Start of Block
Lemma energy_sum_le s K n P : (2 <= n)%nat -> s_adaptable s K n P ->
  energy_sum s P <= K * (INR n * INR n) / 2.
Proof.
  intros Hn HP. pose proof (adaptable_energy_le s K n P Hn HP).
  pose proof (adaptable_const_nonneg s K n P Hn HP). pose proof (pos_INR n). nra.
Qed.

Lemma Pi_card_le_energy s K n alpha beta r B P : 0 < s -> alpha <> 0 -> beta <> 0 -> 0 < r ->
  2 <= r ^ 2 * INR B ^ 2 -> (2 <= n)%nat -> s_adaptable s K n P ->
  INR (Pi_card alpha beta P) <=
  8 * (INR B + 2) ^ 2 * INR n + 2 * (INR B + 2) * K * INR n ^ 2 * Rpower r s.
Proof.
  intros Hs Ha Hb Hr HrB Hn HP.
  pose proof (energy_sum_le s K n P Hn HP) as HE.
  destruct HP as (Huniq & Hlen & Hsq & _).
  pose proof (Pi_card_le_close_pairs alpha beta r B P Ha Hb Hr HrB Huniq Hsq) as Hcomb.
  apply le_INR in Hcomb. rewrite !plus_INR, !mult_INR, !plus_INR, Hlen in Hcomb.
  pose proof (close_pairs_le_energy s r P Hs Hr) as Hclose.
  assert (Hrs : 0 < Rpower r s) by apply exp_pos.
  pose proof (pos_INR B).
  assert (Hcl : 4 * (INR B + 2) * INR (cnt (close_pair r) (list_prod P P)) <=
                4 * (INR B + 2) * (Rpower r s * (K * (INR n * INR n) / 2))).
  { apply Rmult_le_compat_l; [lra|]. apply (Rle_trans _ _ _ Hclose).
    apply Rmult_le_compat_l; lra. }
  cbn [INR] in Hcomb. nra.
Qed.

Lemma exponent_bounds s : 0 < s <= 3 -> 5 <= 4 + 3 / s /\ 7 - s <= 4 + 3 / s.
Proof.
  intros Hs. assert (Hu : s * (3 / s) = 3) by (field; lra).
  set (u := 3 / s) in *. clearbody u.
  assert (Hu0 : 0 < u) by nra.
  (* [(s + u)^2 = (s - u)^2 + 4 s u >= 12] *)
  assert (Hsum : 9 <= (s + u) * (s + u)) by nra.
  split; nra.
Qed.

Lemma Rpower_div_l a t s : 0 < a -> 0 < t -> Rpower (a / t) s = Rpower a s * Rpower t (- s).
Proof.
  intros Ha Ht. unfold Rpower, Rdiv.
  rewrite ln_mult, ln_Rinv, <- exp_plus by (try apply Rinv_0_lt_compat; assumption). f_equal. ring.
Qed.

Lemma Rpower_two_div_le s t : 0 < s <= 3 -> 0 < t -> Rpower (2 / t) s <= 8 * Rpower t (- s).
Proof.
  intros Hs Ht. rewrite Rpower_div_l by lra.
  assert (H2s : Rpower 2 s <= Rpower 2 3) by (apply Rle_Rpower; lra).
  replace (Rpower 2 3) with 8 in H2s
    by (replace 3 with (INR 3) at 1 by (cbn; ring); rewrite Rpower_pow by lra; cbn; ring).
  assert (0 < Rpower t (- s)) by apply exp_pos. nra.
Qed.

Lemma cube_root_budget s K t M rho : 0 <= K -> 1 <= t -> 0 <= M <= 4 * t ->
  0 <= rho <= 8 * Rpower t (- s) ->
  8 * M ^ 2 * Rpower t 3 + 2 * M * K * Rpower t 3 ^ 2 * rho <=
  128 * Rpower t 5 + 64 * K * Rpower t (7 - s).
Proof.
  intros HK Ht HM Hrho.
  assert (E5 : Rpower t 5 = t * t * Rpower t 3).
  { replace 5 with (1 + (1 + 3)) by ring. rewrite !Rpower_plus, Rpower_1 by lra. ring. }
  assert (E7 : Rpower t (7 - s) = t * Rpower t 3 ^ 2 * Rpower t (- s)).
  { replace (7 - s) with (1 + (3 + 3) + - s) by ring. rewrite !Rpower_plus, Rpower_1 by lra. ring. }
  assert (Ht3 : 0 < Rpower t 3) by apply exp_pos.
  assert (HKt : 0 <= K * Rpower t 3 ^ 2) by (apply Rmult_le_pos; [lra|apply pow2_ge_0]).
  rewrite E5, E7.
  assert (8 * M ^ 2 * Rpower t 3 <= 128 * (t * t * Rpower t 3))
    by (assert (M ^ 2 <= 16 * (t * t)) by nra; nra).
  assert (M * rho <= (4 * t) * (8 * Rpower t (- s))) by (apply Rmult_le_compat; lra).
  nra.
Qed.

Lemma Pi_card_le_cube_root s K t n alpha beta P : 0 < s <= 3 -> alpha <> 0 -> beta <> 0 ->
  1 <= t -> INR n = Rpower t 3 -> (2 <= n)%nat -> s_adaptable s K n P ->
  INR (Pi_card alpha beta P) <= 128 * Rpower t 5 + 64 * K * Rpower t (7 - s).
Proof.
  intros Hs Ha Hb Ht Hn Hn2 HP.
  (* strips of width [1 / B] with [B = up t ~ n^(1/3)], and close pairs at distance [2 / t] *)
  destruct (archimed t) as [Hup1 Hup2].
  set (B := Z.to_nat (up t)).
  assert (HB : INR B = IZR (up t))
    by (unfold B; rewrite INR_IZR_INZ, Z2Nat.id; [reflexivity|apply le_IZR; lra]).
  set (r := 2 / t).
  assert (Hr : 0 < r) by (unfold r; apply Rdiv_lt_0_compat; lra).
  assert (HrB : 2 <= r ^ 2 * INR B ^ 2).
  { assert (2 <= r * INR B) by (unfold r; apply (Rmult_le_reg_l t); [lra|]; field_simplify; lra).
    nra. }
  pose proof (Pi_card_le_energy s K n alpha beta r B P ltac:(lra) Ha Hb Hr HrB Hn2 HP) as H.
  rewrite Hn in H. eapply Rle_trans; [exact H|].
  apply cube_root_budget.
  - exact (adaptable_const_nonneg s K n P Hn2 HP).
  - exact Ht.
  - pose proof (pos_INR B). lra.
  - split; [left; apply exp_pos | apply Rpower_two_div_le; lra].
Qed.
End of Block
Exercise directions:
A complete, exact transcription of the data above is the required answer.

Solution for this task:
Lemma energy_sum_le s K n P : (2 <= n)%nat -> s_adaptable s K n P ->
  energy_sum s P <= K * (INR n * INR n) / 2.
Proof.
  intros Hn HP. pose proof (adaptable_energy_le s K n P Hn HP).
  pose proof (adaptable_const_nonneg s K n P Hn HP). pose proof (pos_INR n). nra.
Qed.

Lemma Pi_card_le_energy s K n alpha beta r B P : 0 < s -> alpha <> 0 -> beta <> 0 -> 0 < r ->
  2 <= r ^ 2 * INR B ^ 2 -> (2 <= n)%nat -> s_adaptable s K n P ->
  INR (Pi_card alpha beta P) <=
  8 * (INR B + 2) ^ 2 * INR n + 2 * (INR B + 2) * K * INR n ^ 2 * Rpower r s.
Proof.
  intros Hs Ha Hb Hr HrB Hn HP.
  pose proof (energy_sum_le s K n P Hn HP) as HE.
  destruct HP as (Huniq & Hlen & Hsq & _).
  pose proof (Pi_card_le_close_pairs alpha beta r B P Ha Hb Hr HrB Huniq Hsq) as Hcomb.
  apply le_INR in Hcomb. rewrite !plus_INR, !mult_INR, !plus_INR, Hlen in Hcomb.
  pose proof (close_pairs_le_energy s r P Hs Hr) as Hclose.
  assert (Hrs : 0 < Rpower r s) by apply exp_pos.
  pose proof (pos_INR B).
  assert (Hcl : 4 * (INR B + 2) * INR (cnt (close_pair r) (list_prod P P)) <=
                4 * (INR B + 2) * (Rpower r s * (K * (INR n * INR n) / 2))).
  { apply Rmult_le_compat_l; [lra|]. apply (Rle_trans _ _ _ Hclose).
    apply Rmult_le_compat_l; lra. }
  cbn [INR] in Hcomb. nra.
Qed.

Lemma exponent_bounds s : 0 < s <= 3 -> 5 <= 4 + 3 / s /\ 7 - s <= 4 + 3 / s.
Proof.
  intros Hs. assert (Hu : s * (3 / s) = 3) by (field; lra).
  set (u := 3 / s) in *. clearbody u.
  assert (Hu0 : 0 < u) by nra.
  (* [(s + u)^2 = (s - u)^2 + 4 s u >= 12] *)
  assert (Hsum : 9 <= (s + u) * (s + u)) by nra.
  split; nra.
Qed.

Lemma Rpower_div_l a t s : 0 < a -> 0 < t -> Rpower (a / t) s = Rpower a s * Rpower t (- s).
Proof.
  intros Ha Ht. unfold Rpower, Rdiv.
  rewrite ln_mult, ln_Rinv, <- exp_plus by (try apply Rinv_0_lt_compat; assumption). f_equal. ring.
Qed.

Lemma Rpower_two_div_le s t : 0 < s <= 3 -> 0 < t -> Rpower (2 / t) s <= 8 * Rpower t (- s).
Proof.
  intros Hs Ht. rewrite Rpower_div_l by lra.
  assert (H2s : Rpower 2 s <= Rpower 2 3) by (apply Rle_Rpower; lra).
  replace (Rpower 2 3) with 8 in H2s
    by (replace 3 with (INR 3) at 1 by (cbn; ring); rewrite Rpower_pow by lra; cbn; ring).
  assert (0 < Rpower t (- s)) by apply exp_pos. nra.
Qed.

Lemma cube_root_budget s K t M rho : 0 <= K -> 1 <= t -> 0 <= M <= 4 * t ->
  0 <= rho <= 8 * Rpower t (- s) ->
  8 * M ^ 2 * Rpower t 3 + 2 * M * K * Rpower t 3 ^ 2 * rho <=
  128 * Rpower t 5 + 64 * K * Rpower t (7 - s).
Proof.
  intros HK Ht HM Hrho.
  assert (E5 : Rpower t 5 = t * t * Rpower t 3).
  { replace 5 with (1 + (1 + 3)) by ring. rewrite !Rpower_plus, Rpower_1 by lra. ring. }
  assert (E7 : Rpower t (7 - s) = t * Rpower t 3 ^ 2 * Rpower t (- s)).
  { replace (7 - s) with (1 + (3 + 3) + - s) by ring. rewrite !Rpower_plus, Rpower_1 by lra. ring. }
  assert (Ht3 : 0 < Rpower t 3) by apply exp_pos.
  assert (HKt : 0 <= K * Rpower t 3 ^ 2) by (apply Rmult_le_pos; [lra|apply pow2_ge_0]).
  rewrite E5, E7.
  assert (8 * M ^ 2 * Rpower t 3 <= 128 * (t * t * Rpower t 3))
    by (assert (M ^ 2 <= 16 * (t * t)) by nra; nra).
  assert (M * rho <= (4 * t) * (8 * Rpower t (- s))) by (apply Rmult_le_compat; lra).
  nra.
Qed.

Lemma Pi_card_le_cube_root s K t n alpha beta P : 0 < s <= 3 -> alpha <> 0 -> beta <> 0 ->
  1 <= t -> INR n = Rpower t 3 -> (2 <= n)%nat -> s_adaptable s K n P ->
  INR (Pi_card alpha beta P) <= 128 * Rpower t 5 + 64 * K * Rpower t (7 - s).
Proof.
  intros Hs Ha Hb Ht Hn Hn2 HP.
  (* strips of width [1 / B] with [B = up t ~ n^(1/3)], and close pairs at distance [2 / t] *)
  destruct (archimed t) as [Hup1 Hup2].
  set (B := Z.to_nat (up t)).
  assert (HB : INR B = IZR (up t))
    by (unfold B; rewrite INR_IZR_INZ, Z2Nat.id; [reflexivity|apply le_IZR; lra]).
  set (r := 2 / t).
  assert (Hr : 0 < r) by (unfold r; apply Rdiv_lt_0_compat; lra).
  assert (HrB : 2 <= r ^ 2 * INR B ^ 2).
  { assert (2 <= r * INR B) by (unfold r; apply (Rmult_le_reg_l t); [lra|]; field_simplify; lra).
    nra. }
  pose proof (Pi_card_le_energy s K n alpha beta r B P ltac:(lra) Ha Hb Hr HrB Hn2 HP) as H.
  rewrite Hn in H. eapply Rle_trans; [exact H|].
  apply cube_root_budget.
  - exact (adaptable_const_nonneg s K n P Hn2 HP).
  - exact Ht.
  - pose proof (pos_INR B). lra.
  - split; [left; apply exp_pos | apply Rpower_two_div_le; lra].
Qed.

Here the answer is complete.